Keywords: mouse embryo, PDGFα receptor, neural crest, congenital heart defects, midface clefting, apoptosis, Shh, notochord, genetic background

INTRODUCTION

Abnormal neural crest cells (NCCs) morphogenesis is thought to be responsible for a wide variety of congenital defects, including the DiGeorge and Velo-cardio-facial syndromes (Srivastava, 1999), particularly cardiac outflow tract defects (Snider et al., 2007), midface clefting (Morrison–Graham et al., 1992; Trainor, 2010), abnormal eye development (Valleix et al., 1999), piebaldism and pigmentation abnormalities (Wehrle–Hallar and Weston, 1999), Noonan and LEOPARD syndromes (Stewart et al., 2010), and a lack of enteric neural plexuses in the foregut, resulting in Hirschsprung’s disease (Takahashi et al., 1999; Gershon, 2010). Disruption of the neural crest (NC) population by experimental perturbation, including NCC ablation in the chick or mouse embryo, or by numerous classic and targeted genetic mutations (reviewed by Creazzo et al., 1998; Snider et al., 2007) results in phenotypically similar abnormalities affecting NC-derived structures, suggesting that this population of cells is essential to normal development. More recently, NC cells have been shown to interact and modulate signaling in the pharynx during formation of the outflow tract by the secondary heart field (Goddeeris et al., 2007; Hutson and Kirby, 2007). These studies have shown that the NC may not be the direct cause of abnormal cardiovascular development but they are a major component in the complex tissue interactions in the caudal pharynx and outflow tract (Hutson and Kirby, 2007). Moreover, abnormal levels of cell death and/or cell proliferation, changes in cell fate, altered migration, and diminished differentiation have all been proposed to account for the NC-associated abnormal phenotypes. The specific molecular mechanisms responsible for these abnormalities within NC and the role they play during pathogenesis of the congenital defects in the majority of these models remains unclear.
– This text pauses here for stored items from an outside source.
(* For all $n\ge1$ and $j\in\{1,2,3\}$, $$\|\varphi^{(j)}_n\|^2=\frac{\mu_+^{n+1}-\mu_-^{n+1}}{\mu_+-\mu_-},$$ where $\mu_\pm=(1\pm\sqrt{1+4|\lambda|^2})/2$. Consequently, with $\mu=\mu_-/\mu_+\in(-1,0]$ and $\alpha_n=\|\varphi_{n-1}\|^2/\|\varphi_n\|^2$ (convention $\varphi_0=1$), $$\alpha_n=\frac1{\mu_+}\,\frac{1-\mu^n}{1-\mu^{n+1}}.$$
   Context: $\lambda\in\mathbb C$. For $L\in\mathbb N$, $\varphi_L\in\bigotimes_{x=1}^{3L}\mathbb C^2$ is $\varphi_L=\sum_{\mathbf D}\lambda^{\#(\mathbf D)}|\boldsymbol\sigma(\mathbf D)\rangle$, summing over all tilings $\mathbf D$ of $[1,3L]$ obtained from $L$ consecutive monomers (length 3, content $100$) by replacing some disjoint pairs of consecutive monomers by a dimer (length 6, content $011000$); $\#(\mathbf D)$ is the number of dimers, $\boldsymbol\sigma(\mathbf D)$ the concatenated 0/1 content, and $|\boldsymbol\sigma\rangle$ the orthonormal product basis. For $j\in\{1,2\}$, $\varphi^{(j)}_L$ on $[1,3(L-1)+j]$ is defined likewise from $L-1$ monomers followed by a right $j$-monomer (content $1$, resp. $10$), where the last monomer and the right $j$-monomer may also be replaced by a truncated $j$-dimer (content $0110$, resp. $01100$), counted in $\#(\mathbf D)$. $\varphi^{(3)}_L=\varphi_L$. *)

From HB Require Import structures.
From mathcomp Require Import all_boot all_order all_algebra.
From mathcomp Require Import complex.
Set Implicit Arguments. Unset Strict Implicit. Unset Printing Implicit Defensive.
Import Order.TTheory GRing.Theory Num.Theory.
Local Open Scope ring_scope.

Definition sqmod (R : rcfType) (z : R[i]) : R :=
  let: Complex a b := z in a ^+ 2 + b ^+ 2.

(* A tiling D built from L consecutive monomers (indexed 0..L-1) is encoded by
   the set S of (0-based) indices k of the monomers that are the LEFT member
   of a pair (k, k+1) replaced by a dimer. *)
Definition valid_tiling (L : nat) (S : {set 'I_L}) : bool :=
  [forall i : 'I_L, (i \in S) ==>
     ((i.+1 < L)%N && [forall k : 'I_L, (k \in S) ==> (val k != i.+1)])].

Definition memS (L : nat) (S : {set 'I_L}) (k : nat) : bool :=
  [exists i : 'I_L, (i \in S) && (val i == k)].

(* Content of site x (0-based, x < 3L) of the full tiling: monomer k occupies
   sites 3k,3k+1,3k+2.  Monomer content is 100; a dimer on (k,k+1) has
   content 011000 = 011 (on monomer k) followed by 000 (on monomer k+1). *)
Definition site (L : nat) (S : {set 'I_L}) (x : nat) : bool :=
  let k := (x %/ 3)%N in let r := (x %% 3)%N in
  if memS S k then r != 0%N
  else if (0 < k)%N && memS S k.-1 then false
  else r == 0%N.

Definition chain_len (j L : nat) : nat := (3 * L + j - 3)%N.

(* phi^(j)_L as the coefficient vector in the orthonormal product basis
   |sigma>, sigma : {0,1}^[1, 3(L-1)+j].  The tilings of phi^(j)_L are the
   tilings of L monomers truncated to their first 3(L-1)+j sites: the last
   monomer becomes the right j-monomer (content 1 / 10) and a dimer on the
   last pair becomes the truncated j-dimer (content 0110 / 01100).
   phi^(3)_L = phi_L.  *)
Definition phi (R : rcfType) (lam : R[i]) (j L : nat)
    (sigma : {ffun 'I_(chain_len j L) -> bool}) : R[i] :=
  \sum_(S : {set 'I_L} | valid_tiling S &&
          [forall x : 'I_(chain_len j L), sigma x == site S x])
     lam ^+ #|S|.
Arguments phi {R} lam j L sigma.

Definition normsq (R : rcfType) (lam : R[i]) (j L : nat) : R :=
  \sum_(sigma : {ffun 'I_(chain_len j L) -> bool}) sqmod (phi lam j L sigma).

Definition mu_plus (R : rcfType) (lam : R[i]) : R :=
  (1 + Num.sqrt (1 + 4 * sqmod lam)) / 2.
Definition mu_minus (R : rcfType) (lam : R[i]) : R :=
  (1 - Num.sqrt (1 + 4 * sqmod lam)) / 2.

(* alpha_n = ||phi_{n-1}||^2 / ||phi_n||^2  (phi_0 = 1: the empty chain) *)
Definition alpha (R : rcfType) (lam : R[i]) (n : nat) : R :=
  normsq lam 3 n.-1 / normsq lam 3 n.

From HB Require Import structures.
From mathcomp Require Import all_boot all_order all_algebra.
From mathcomp Require Import complex.
From mathcomp Require Import ring lra zify.
Set Implicit Arguments. Unset Strict Implicit. Unset Printing Implicit Defensive.
Import Order.TTheory GRing.Theory Num.Theory.
Local Open Scope ring_scope.

(* The middle site of each monomer reads 1 exactly when that monomer is the left
   half of a dimer, so distinct tilings give orthogonal basis vectors and
   ||phi^(j)_L||^2 = sum over tilings D of |lam|^(2 #D).  Splitting on a dimer
   over the last admissible pair of monomers shows that this sum c_L obeys
   c_0 = c_1 = 1 and c_(m+2) = c_(m+1) + |lam|^2 c_m, whose characteristic roots
   are mu_+ and mu_-; Binet's formula gives the norm, and alpha_n is the ratio
   of two consecutive Binet numbers. *)

Section SquaredModulus.
Variable R : rcfType.
Implicit Types a b : R[i].

Lemma sqmodM a b : sqmod (a * b) = sqmod a * sqmod b.
Proof. by case: a => a1 a2; case: b => b1 b2 /=; ring. Qed.

Lemma sqmod1 : sqmod (1 : R[i]) = 1.
Proof. by rewrite /=; ring. Qed.

Lemma sqmodX a k : sqmod (a ^+ k) = sqmod a ^+ k.
Proof. by elim: k => [|k IHk]; rewrite ?sqmod1 // !exprS sqmodM IHk. Qed.

Lemma sqmod_ge0 a : 0 <= sqmod a.
Proof. by case: a => a1 a2 /=; rewrite addr_ge0 ?sqr_ge0. Qed.

Lemma sqmod_sum_fibres (T U : finType) (P : pred T) (f : T -> U) (w : T -> R[i]) :
  {in P &, injective f} ->
  \sum_(u : U) sqmod (\sum_(t | P t && (f t == u)) w t) = \sum_(t | P t) sqmod (w t).
Proof.
move=> f_inj; rewrite (partition_big f predT) //=; apply: eq_bigr => u _.
have [t0 /andP [Pt0 /eqP ft0] | fibre0] := pickP (fun t => P t && (f t == u)).
  have fibreE : (fun t => P t && (f t == u)) =1 pred1 t0.
    move=> t /=; apply/andP/eqP => [[Pt /eqP ft] | ->]; last by rewrite ft0.
    by apply: f_inj; rewrite ?ft ?ft0.
  by rewrite !(big_pred1 t0 fibreE).
by rewrite !big_pred0 //= expr0n addr0.
Qed.

End SquaredModulus.

Section Tilings.
Variable L : nat.
Implicit Types S : {set 'I_L}.

Lemma valid_tilingP S :
  reflect (forall i : 'I_L, i \in S ->
             (i.+1 < L)%N /\ forall k : 'I_L, k \in S -> val k <> i.+1)
          (valid_tiling S).
Proof.
apply: (iffP forallP) => [V i iS | V i].
  have /andP [iL /forallP noS] := implyP (V i) iS.
  by split=> // k kS; apply/eqP; apply: (implyP (noS k)).
apply/implyP => /V [iL noS]; rewrite iL; apply/forallP => k.
by apply/implyP => /noS /eqP.
Qed.

Lemma memS_ord S (i : 'I_L) : memS S i = (i \in S).
Proof.
apply/existsP/idP => [[k /andP [kS /eqP ki]] | iS]; last by exists i; rewrite iS eqxx.
by rewrite (_ : i = k) //; apply: val_inj.
Qed.

Lemma site_mid S i : site S (3 * i + 1) = memS S i.
Proof.
rewrite /site (_ : (3 * i + 1) %/ 3 = i)%N; last by rewrite mulnC divnMDl // addn0.
rewrite (_ : (3 * i + 1) %% 3 = 1)%N; last by rewrite mulnC modnMDl.
by case: (memS S i) => //=; case: ifP.
Qed.

Definition site_vec j S : {ffun 'I_(chain_len j L) -> bool} :=
  [ffun x : 'I_(chain_len j L) => site S x].

Lemma site_vec_inj j : (1 <= j)%N -> {in @valid_tiling L &, injective (site_vec j)}.
Proof.
move=> j_gt0 S1 S2 /valid_tilingP V1 /valid_tilingP V2 eqS; apply/setP => i.
have [iL | Li] := ltnP i.+1 L.
  have mid : (3 * i + 1 < chain_len j L)%N by rewrite /chain_len; lia.
  have := congr1 (fun s : {ffun _ -> bool} => s (Ordinal mid)) eqS.
  by rewrite !ffunE /= !site_mid !memS_ord.
by apply/idP/idP => [/V1 | /V2] []; rewrite ltnNge Li.
Qed.

Lemma forall_siteE j S (sigma : {ffun 'I_(chain_len j L) -> bool}) :
  [forall x, sigma x == site S x] = (site_vec j S == sigma).
Proof.
apply/forallP/eqP => [eqs | <- x]; last by rewrite ffunE.
by apply/ffunP => x; rewrite ffunE (eqP (eqs x)).
Qed.

End Tilings.

Lemma normsq_tilings (R : rcfType) (lam : R[i]) (j L : nat) : (1 <= j)%N ->
  normsq lam j L = \sum_(S : {set 'I_L} | valid_tiling S) sqmod lam ^+ #|S|.
Proof.
move=> j_gt0; under [RHS]eq_bigr do rewrite -sqmodX.
rewrite -(sqmod_sum_fibres _ (site_vec_inj j_gt0)).
by apply: eq_bigr => sigma _; rewrite /phi; under eq_bigl do rewrite forall_siteE.
Qed.

Section DimerCount.
Variables (R : pzSemiRingType) (x : R) (L : nat).
Implicit Types S : {set 'I_L}.

Definition dimers_within m S : bool := [forall i in S, (i.+1 < m)%N].

Definition tiling_weight m : R :=
  \sum_(S | valid_tiling S && dimers_within m S) x ^+ #|S|.

Lemma dimers_withinP m S :
  reflect (forall i : 'I_L, i \in S -> (i.+1 < m)%N) (dimers_within m S).
Proof. exact: forall_inP. Qed.

Lemma valid_tiling_subset S1 S2 :
  S1 \subset S2 -> valid_tiling S2 -> valid_tiling S1.
Proof.
move=> /subsetP sub12 /valid_tilingP V; apply/valid_tilingP => i /sub12 /V [iL noS].
by split=> // k /sub12 /noS.
Qed.

Lemma tiling_weight_small m : (m <= 1)%N -> tiling_weight m = 1.
Proof.
move=> m_le1; rewrite /tiling_weight (big_pred1 set0) ?cards0 // => S /=.
apply/andP/eqP => [[_ /dimers_withinP within] | ->].
  by apply/setP => i; rewrite inE; apply/negP => /within; lia.
by split; [apply/(@valid_tilingP L) | apply/dimers_withinP] => i; rewrite inE.
Qed.

Lemma tiling_weight_all :
  tiling_weight L = \sum_(S : {set 'I_L} | valid_tiling S) x ^+ #|S|.
Proof.
apply: eq_bigl => S; apply/andb_idr => /valid_tilingP V.
by apply/dimers_withinP => i /V [].
Qed.

Lemma dimers_within_notin (i : 'I_L) S :
  valid_tiling S && dimers_within i.+2 S && (i \notin S)
  = valid_tiling S && dimers_within i.+1 S.
Proof.
rewrite -andbA; apply/and3P/andP.
  case=> vS /dimers_withinP within iS.
  split=> //; apply/dimers_withinP => k kS.
  have : k != i by apply: contraNneq iS => <-.
  by rewrite -val_eqE /=; have := within k kS; lia.
case=> vS /dimers_withinP within; split=> //.
  by apply/dimers_withinP => k /within; lia.
by apply/negP => /within; lia.
Qed.

Lemma dimers_within_setU1 (i : 'I_L) S : (i.+1 < L)%N ->
  valid_tiling (i |: S) && dimers_within i.+2 (i |: S) && (i \notin S)
  = valid_tiling S && dimers_within i S.
Proof.
move=> iL; rewrite -andbA; apply/and3P/andP.
  case=> vS' /dimers_withinP within iS.
  split; first exact: valid_tiling_subset (subsetUr _ _) vS'.
  apply/dimers_withinP => k kS.
  have : k != i by apply: contraNneq iS => <-.
  have [_ /(_ i (setU11 _ _)) /= ik] := valid_tilingP _ vS' k (setU1r _ kS).
  by rewrite -val_eqE /=; have := within k (setU1r _ kS); lia.
case=> vS /dimers_withinP within.
have iS : i \notin S by apply/negP => /within; lia.
move/valid_tilingP: vS => V; split=> //.
  apply/valid_tilingP => a /setU1P [-> | aS].
    by split=> // k /setU1P [-> /= | /within /=]; lia.
  have [aL noS] := V a aS; split=> // k /setU1P [-> /= | /noS //].
  by have := within a aS; lia.
apply/dimers_withinP => a /setU1P [-> // | /within]; lia.
Qed.

Lemma setU1D1_eq (i : 'I_L) S : ((i |: S) :\ i == S) = (i \notin S).
Proof. by apply/eqP/idP => [<- | /setU1K]; rewrite ?setD11. Qed.

(* Split according to whether a dimer sits on the last admissible pair (i, i+1). *)
Lemma tiling_weight_rec (i : 'I_L) : (i.+1 < L)%N ->
  tiling_weight i.+2 = tiling_weight i.+1 + x * tiling_weight i.
Proof.
move=> iL; rewrite /tiling_weight (bigID (fun S => i \in S)) /= addrC.
congr (_ + _); first by apply: eq_bigl => S; rewrite dimers_within_notin.
rewrite mulr_sumr (reindex_onto (fun S => i |: S) (fun S => S :\ i)) /=; last first.
  by move=> S /andP [_ iS]; rewrite setD1K.
apply: eq_big => [S | S]; first by rewrite setU11 andbT setU1D1_eq dimers_within_setU1.
by rewrite setU1D1_eq => /andP [_ iS]; rewrite cardsU1 iS exprS.
Qed.

Lemma sum_valid_tilings_rec (c : nat -> R) :
  c 0%N = 1 -> c 1%N = 1 -> (forall m, c m.+2 = c m.+1 + x * c m) ->
  \sum_(S : {set 'I_L} | valid_tiling S) x ^+ #|S| = c L.
Proof.
move=> c0 c1 cS; rewrite -tiling_weight_all.
suff : forall m, (m <= L)%N -> tiling_weight m = c m by apply.
elim/ltn_ind => -[|[|m]] IHm mL; try by rewrite tiling_weight_small.
have /= -> := @tiling_weight_rec (Ordinal (ltnW mL)) mL.
by rewrite cS !IHm //; lia.
Qed.

End DimerCount.

Definition binet (F : fieldType) (p q : F) (m : nat) : F :=
  (p ^+ m.+1 - q ^+ m.+1) / (p - q).

Section Binet.
Variables (F : fieldType) (x p q : F).
Hypotheses (p_root : p ^+ 2 = p + x) (q_root : q ^+ 2 = q + x) (p_neq_q : p != q).

Lemma root_exprSS t : t ^+ 2 = t + x -> forall k, t ^+ k.+2 = t ^+ k.+1 + x * t ^+ k.
Proof.
move=> t_root k.
by rewrite exprSr [t ^+ k.+1]exprSr -mulrA -expr2 t_root mulrDr [_ * x]mulrC.
Qed.

Lemma binet0 : binet p q 0 = 1.
Proof. by rewrite /binet !expr1 divff // subr_eq0. Qed.

Lemma binet1 : binet p q 1 = 1.
Proof. by rewrite /binet p_root q_root opprD addrACA subrr addr0 divff // subr_eq0. Qed.

Lemma binetSS m : binet p q m.+2 = binet p q m.+1 + x * binet p q m.
Proof.
rewrite /binet (root_exprSS p_root m.+1) (root_exprSS q_root m.+1).
by rewrite opprD addrACA -mulrBr mulrDl mulrA.
Qed.

End Binet.

Lemma binet_ratio (F : fieldType) (p q : F) n : p != 0 -> p != q ->
  binet p q n / binet p q n.+1 = p^-1 * ((1 - (q / p) ^+ n.+1) / (1 - (q / p) ^+ n.+2)).
Proof.
move=> p0 pq.
have normalize k : 1 - (q / p) ^+ k = (p ^+ k - q ^+ k) / p ^+ k.
  by rewrite expr_div_n mulrBl divff ?expf_neq0.
have pn0 := expf_neq0 n.+1 p0.
rewrite /binet !normalize !invf_div.
(* Hiding the last denominator: the identity holds even where it vanishes. *)
move: (p ^+ n.+2 - q ^+ n.+2)^-1 => b.
rewrite [p ^+ n.+2]exprS.
move: pn0; move: (p ^+ n.+1) (q ^+ n.+1) => pn qn pn0.
by field; rewrite pn0 p0 subr_eq0.
Qed.

Lemma sqrt_disc_ge1 (R : rcfType) (x : R) : 0 <= x -> 1 <= Num.sqrt (1 + 4 * x).
Proof. by move=> x_ge0; rewrite -{1}sqrtr1 ler_sqrt; lra. Qed.

Lemma half_root (R : numFieldType) (s x : R) :
  s ^+ 2 = 1 + 4 * x -> ((1 + s) / 2) ^+ 2 = (1 + s) / 2 + x.
Proof.
move=> sE; transitivity ((1 + 2 * s + s ^+ 2) / 4); first by field.
by rewrite sE; field.
Qed.

Lemma root_ratio_bounds (R : realFieldType) (s : R) :
  1 <= s -> -1 < ((1 - s) / 2) / ((1 + s) / 2) <= 0.
Proof.
move=> s_ge1; have h_gt0 : 0 < (1 + s) / 2 by lra.
by rewrite ltr_pdivlMr // ler_pdivrMr //; apply/andP; split; lra.
Qed.

Theorem lemma2p13 (R : rcfType) (lam : R[i]) :
  (forall (n j : nat), (1 <= n)%N -> (1 <= j <= 3)%N ->
     normsq lam j n =
       (mu_plus lam ^+ n.+1 - mu_minus lam ^+ n.+1) / (mu_plus lam - mu_minus lam))
  /\ (let mu := mu_minus lam / mu_plus lam in
      (-1 < mu <= 0) /\
      (forall n : nat, (1 <= n)%N ->
         alpha lam n = (mu_plus lam)^-1 * ((1 - mu ^+ n) / (1 - mu ^+ n.+1)))).
Proof.
have x_ge0 : 0 <= sqmod lam := sqmod_ge0 lam.
have s_ge1 := sqrt_disc_ge1 x_ge0.
have sE : Num.sqrt (1 + 4 * sqmod lam) ^+ 2 = 1 + 4 * sqmod lam by rewrite sqr_sqrtr; lra.
have p_root : mu_plus lam ^+ 2 = mu_plus lam + sqmod lam := half_root sE.
have q_root : mu_minus lam ^+ 2 = mu_minus lam + sqmod lam.
  by apply: half_root; rewrite sqrrN.
have p_neq_q : mu_plus lam != mu_minus lam by rewrite /mu_plus /mu_minus; apply/eqP; lra.
have p_neq0 : mu_plus lam != 0 by rewrite /mu_plus; apply/eqP; lra.
have normsqE j n : (1 <= j)%N -> normsq lam j n = binet (mu_plus lam) (mu_minus lam) n.
  move=> j_gt0; rewrite normsq_tilings //; apply: (@sum_valid_tilings_rec _ _ _ (binet _ _)).
  - exact: binet0.
  - exact: binet1 p_root q_root p_neq_q.
  - exact: binetSS p_root q_root.
split=> [n j _ /andP [j_gt0 _] | mu]; first exact: normsqE.
split=> [|[//|n] _]; first exact: root_ratio_bounds.
by rewrite /alpha !normsqE //= binet_ratio.
Qed.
Classic Patch (Ph; Gruneberg and Truslove, 1960) and Patch-extended (Phe; Truslove, 1977) mouse mutants, and targeted mutations of the platelet-derived growth factor receptor-alpha (PDGFRα; Soriano, 1997) gene, all exhibit various NC-associated defects and the homozygous mutant embryos usually die around mid gestation. Due to the NC-associated abnormalities present in Ph and PDGFRα systemic knockout mice, conditional targeting studies have begun to address the role of PDGFRα signaling within NC cells (Tallquist and Soriano 2003; Richarte et al., 2007). Significantly, Wnt1-Cre; PDGFRα conditional embryos exhibit NC-associated cranial, frontonasal, and aortic arch artery defects, as well as variable penetrance heart defects, suggesting an essential cell autonomous role (Tallquist and Soriano, 2003). However, unaltered NC proliferation, migration, or survival has led to the conclusion that NC-required PDGFRα signaling lies in another function such as differentiation or extracellular matrix deposition (Tallquist and Soriano, 2003). Intriguingly, the Ph mutation results in the loss of the entire PDGFRα gene as well as upstream regions of the adjacent c-kit gene (Brunkow et al., 1995; Sun et al., 2000). Moreover, complementation studies have shown that while a human yeast artificial chromosome transgene can transgenically rescue PDGFRα systemic knockouts, it is unable to rescue Ph/Ph embryos (Sun et al., 2000). As this indicated that genetic defects outside the PDGFRα locus may contribute to the embryonic lethality of Patch mice and as it has been reported that changing the genetic background enables the Ph/Ph mutants to survive longer in utero due to the presence of a putative modifier (Payne et al., 1997); we sought to fully characterize the etiology of Ph/Ph NC-related malformations on different genetic backgrounds.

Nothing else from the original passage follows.